Mais la plupart des employeurs et des personnes déléguées syndicales n’ont pas de formation en psychologie et n’ont pas l’expertise nécessaire pour poser un diagnostic et proposer des solutions adaptées aux problèmes psychologiques.
L’approche psychologique repose aussi sur des mesures d’adaptation au cas par cas, faisant fi des risques pour la santé mentale de l’ensemble du personnel.
À l’inverse, l’approche psychosociale s’attarde à l’incidence de la culture et de l’organisation du travail sur la santé mentale. Elle s’intéresse aux aspects du travail susceptibles de causer des blessures ou des maladies : c’est ce qu’on appelle les risques psychosociaux.
En mettant au premier plan ces risques, on met l’accent sur le travail plutôt que sur la personne.
L’approche psychosociale vise à créer des emplois sains et non à accroître la résilience du personnel.
Mon travail est-il sain?
Signes d’un travail toxique
Un milieu de travail présentant les signes suivants est possiblement toxique sur le plan psychologique. Les répercussions sur la santé du personnel sont inévitables – ce n’est qu’une question de temps.
- Absentéisme
- Les gens s’absentent fréquemment du travail, sans raison valable.
- Présentéisme
- Les gens se présentent au travail même lorsqu’ils ne devraient pas, par exemple parce qu’ils sont malades ou en vacances.
- Roulement élevé
- Départs subits de travailleuses et travailleurs qui n’en peuvent plus.
- Hausse des blessures musculosquelettiques
- Le stress professionnel occasionne des tensions musculaires qui se transforment en blessures avec le temps.
- Congés multiples
- Beaucoup de personnes sont en congé en raison d’une maladie, du stress ou d’une blessure.
- Difficulté d’embauche
- Le milieu de travail a mauvaise réputation et est déconseillé par les membres du personnel.
- Difficulté de rétention des recrues
- Les recrues démissionnent lorsqu’elles ressentent la toxicité du milieu.
- Recours à du personnel occasionnel ou temporaire
- Il peut être stressant de ne pas savoir quel sera notre revenu, et les employeurs qui recourent à du personnel occasionnel ou temporaire le font souvent pour éviter d’avoir à payer des avantages sociaux, qui contribuent à la bonne santé du personnel.
Intersectionnalité
S’ajoutent parfois, pour les membres des groupes d’équité, d’autres facteurs de stress, comme la violence ou la discrimination fondée sur la race, la culture, les origines, les capacités, l’identité ou l’expression de genre, ou l’orientation sexuelle. Les traumatismes intergénérationnels, découlant par exemple de la colonisation ou du racisme, causent souvent une méfiance à l’égard des mécanismes de santé ou de sécurité sur lesquels on compte généralement pour obtenir de l’aide. Toute action proposée doit être respectueuse et inclusive.
Signes d’un travail sain
Dans un milieu de travail sain, on favorise les interactions positives et on limite les risques psychosociaux.
Le personnel :
- aime son travail et est heureux de venir travailler;
- s’approprie son travail et en retire de la fierté;
- participe activement et réalise ses tâches avec enthousiasme;
- règle les conflits promptement et de façon créative.

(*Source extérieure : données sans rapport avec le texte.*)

(* Let $P$ be a finite semipure poset of length $n$ and $t\ge 1$ an integer. For a maximal chain $C=\{x_0<x_1<\dots<x_m\}$ of $P$ and $d=(d_1,\dots,d_m)\in\{0,1\}^m$, let $[C,d]$ be the set of maximal chains $\{\hat 0<(x_0,f_0)<(x_1,f_1)<\dots<(x_m,f_m)<\hat 1\}$ of $\widehat{P*T_{t,n}}$ with $r(f_i)-r(f_{i-1})=d_i$ for all $i\in[m]$. Then, as $C$ ranges over the maximal chains of $P$ (of any length $m$) and $d$ ranges over $\{0,1\}^m$, the sets $[C,d]$ partition the set of maximal chains of $\widehat{P*T_{t,n}}$, and $|[C,d]|=t^{\,d_1+\dots+d_m}$.
   Context: All posets are finite. A poset $P$ is semipure if for every $x\in P$ all maximal chains of $P_{\le x}$ have the same length, the rank $r_P(x)$. For semipure $P,Q$, the Rees product $P*Q$ is $\{(p,q)\in P\times Q: r_P(p)\ge r_Q(q)\}$ with $(p_1,q_1)\le(p_2,q_2)$ iff $p_1\le p_2$, $q_1\le q_2$, and $r_P(p_2)-r_P(p_1)\ge r_Q(q_2)-r_Q(q_1)$. $T_{t,n}$ is the poset of all sequences of elements of $\{1,\dots,t\}$ of length at most $n$ (including the empty sequence, its minimum $\hat 0_T$), ordered by ``is a prefix of''; its Hasse diagram is a complete $t$-ary tree of height $n$ rooted at the bottom, and $r(f)$ is the length of the sequence $f$. $\hat Q$ denotes $Q$ with a new minimum $\hat 0$ and new maximum $\hat 1$ adjoined. *)

From HB Require Import structures.
From mathcomp Require Import all_boot all_order.
Set Implicit Arguments. Unset Strict Implicit. Unset Printing Implicit Defensive.
Import Order.TTheory.

Definition chain_in (T : eqType) (A : pred T) (lt : rel T) (s : seq T) : bool :=
  sorted lt s && all A s.

Definition maxchain_in (T : eqType) (A : pred T) (lt : rel T) (s : seq T) : Prop :=
  chain_in A lt s /\
  forall s' : seq T, chain_in A lt s' -> {subset s <= s'} -> {subset s' <= s}.

Section FinPoset.
Variables (disp : Order.disp_t) (P : finPOrderType disp).

Definition poset_lt : rel P := fun x y => (x < y)%O.

Definition downset (x : P) : pred P := fun y => (y <= x)%O.

Definition semipure : Prop :=
  forall (x : P) (s1 s2 : seq P),
    maxchain_in (downset x) poset_lt s1 -> maxchain_in (downset x) poset_lt s2 ->
    size s1 = size s2.

Definition poset_length (n : nat) : Prop :=
  (exists s : seq P, chain_in predT poset_lt s /\ size s = n.+1) /\
  (forall s : seq P, chain_in predT poset_lt s -> size s <= n.+1).

(* rank r_P(x): length of a longest chain of P_{<=x}; for semipure P this is the
   common length of all maximal chains of P_{<=x}. *)
Definition prank (x : P) : nat :=
  \max_(k < #|P| | [exists s : (k.+1).-tuple P,
                      sorted poset_lt s && all (downset x) s]) (k : nat).

(* Rees product P * T_{t,n}: carrier inside P * seq 'I_t;
   T_{t,n} = sequences over {1..t} (here 'I_t) of length <= n, prefix order,
   rank = length. *)
Definition rees_mem (n t : nat) : pred (P * seq 'I_t) :=
  fun a => (size a.2 <= n) && (size a.2 <= prank a.1).

Definition rees_le (t : nat) : rel (P * seq 'I_t) :=
  fun a b => [&& (a.1 <= b.1)%O, prefix a.2 b.2 &
                 prank a.1 + size b.2 <= prank b.1 + size a.2].

End FinPoset.

(* Adjoining a new minimum (inr false) and maximum (inr true) to a poset on X. *)
Definition hat_mem (X : Type) (A : pred X) : pred (X + bool) :=
  fun a => match a with inl x => A x | inr _ => true end.

Definition hat_le (X : Type) (le : rel X) : rel (X + bool) :=
  fun a b => match a, b with
             | inr false, _ => true
             | _, inr true => true
             | inl x, inl y => le x y
             | _, _ => false
             end.

Definition strict (X : eqType) (le : rel X) : rel X := fun a b => (a != b) && le a b.

Definition rees_hat_maxchain disp (P : finPOrderType disp) (n t : nat)
  (c : seq ((P * seq 'I_t) + bool)) : Prop :=
  maxchain_in (hat_mem (@rees_mem disp P n t)) (strict (hat_le (@rees_le disp P t))) c.

(* The block [C,d]: C = x_0 < ... < x_m (size C = m+1), d = (d_1..d_m) (size d = m). *)
Definition rees_block disp (P : finPOrderType disp) (n t : nat)
  (C : seq P) (d : seq bool) (c : seq ((P * seq 'I_t) + bool)) : Prop :=
  @rees_hat_maxchain disp P n t c /\
  exists fs : seq (seq 'I_t),
    [/\ size fs = size C,
        c = inr false :: rcons [seq inl x | x <- zip C fs] (inr true) &
        forall i, 0 < i < size C ->
          size (nth [::] fs i) = size (nth [::] fs i.-1) + nat_of_bool (nth false d i.-1)].

From HB Require Import structures.
From mathcomp Require Import all_boot all_order zify.
Set Implicit Arguments. Unset Strict Implicit. Unset Printing Implicit Defensive.
Import Order.TTheory.

(* For a strict order, a chain is maximal iff it is saturated (everything
   comparable with all of it lies in it); for a sorted chain this means that
   nothing lies below its first element, above its last one, or strictly between
   two consecutive ones.
   Ranks.  prank is strictly monotone, and in a semipure poset the i-th element of
   a maximal chain has rank i, since its initial segment is a maximal chain below it.  Its order is antisymmetric because equal first coordinates force
   equal labels, and every gap of P can be filled by a lifted element.  Hence a
   maximal chain of the hat poset is 0^ < m_1 < ... < m_k < 1^, where the first
   coordinates of the m_i form a maximal chain C of P and, ranks growing by one,
   the labels grow by a bit d_i at each step; conversely such data are maximal.  An element of the block [C, d] is determined by its top label, a word
   of length d_1 + ... + d_m whose prefixes are the other labels; every such word
   occurs, so the block has t ^ (d_1 + ... + d_m) elements (for any t, even 0). *)

Section Chains.
Variables (T : eqType) (A : pred T) (r : rel T).
Hypotheses (r_trans : transitive r) (r_irr : irreflexive r).

Definition saturated (s : seq T) : Prop :=
  forall z, A z -> (forall y, y \in s -> [\/ y = z, r y z | r z y]) -> z \in s.

Lemma comparable_strict (s : seq T) (z : T) :
  z \notin s -> (forall y, y \in s -> [\/ y = z, r y z | r z y]) ->
  forall y, y \in s -> r y z \/ r z y.
Proof. by move=> zNs Hcmp y ys; case: (Hcmp y ys) => [E||]; [rewrite -E ys in zNs|left|right]. Qed.

Lemma chain_insert s z :
  chain_in A r s -> A z -> (forall y, y \in s -> r y z \/ r z y) ->
  exists2 s', chain_in A r s' &
    size s' = (size s).+1 /\ forall w, (w \in s') = (w == z) || (w \in s).
Proof.
move=> /andP[+ As] Az; elim: s As => [|y s IH] /= As Hs Hcmp.
  by exists [:: z]; rewrite /chain_in /= ?Az //; split=> // w; rewrite inE orbF.
have /andP[Ay {}As] := As.
have ys : all (r y) s by move: Hs; rewrite path_sortedE // => /andP[].
have [Hyz|Hzy] := Hcmp y (mem_head _ _).
- have [s' /andP[Hs' As'] [Hsz Hmem]] :=
    IH As (path_sorted Hs) (fun w Hw => Hcmp w (@mem_behead _ (y :: s) _ Hw)).
  exists (y :: s'); last by split=> [|w]; rewrite /= ?Hsz // !inE Hmem orbCA.
  rewrite /chain_in /= Ay As' path_sortedE // Hs' !andbT.
  by apply/allP => w; rewrite Hmem => /orP[/eqP->//|/(allP ys)].
- exists (z :: y :: s); last by [].
  by rewrite /chain_in /= Hzy Hs Az Ay As.
Qed.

Lorsqu’un travail est sain, le taux de roulement est faible, parce que le personnel est heureux et veut rester. L’embauche est facile, mais rare.
Quoi faire
Le régime de santé et sécurité au travail gère les risques professionnels, dont les risques psychosociaux. Les travailleuses et travailleurs ont le droit de connaître ces risques et de savoir ce que fait l’employeur pour les réduire, et de participer aux activités de santé et sécurité.
Chaque milieu de travail devrait avoir une stratégie en matière de santé mentale ciblant les risques psychosociaux qui comprend une politique et un programme de santé et sécurité au travail. Le comité mixte de santé et sécurité ou une personne conseillère syndicale en santé et sécurité devrait participer à l’élaboration de la stratégie. En l’absence d’une telle stratégie au travail, le syndicat devrait aborder la question aux réunions du comité mixte et aux réunions patronales-syndicales.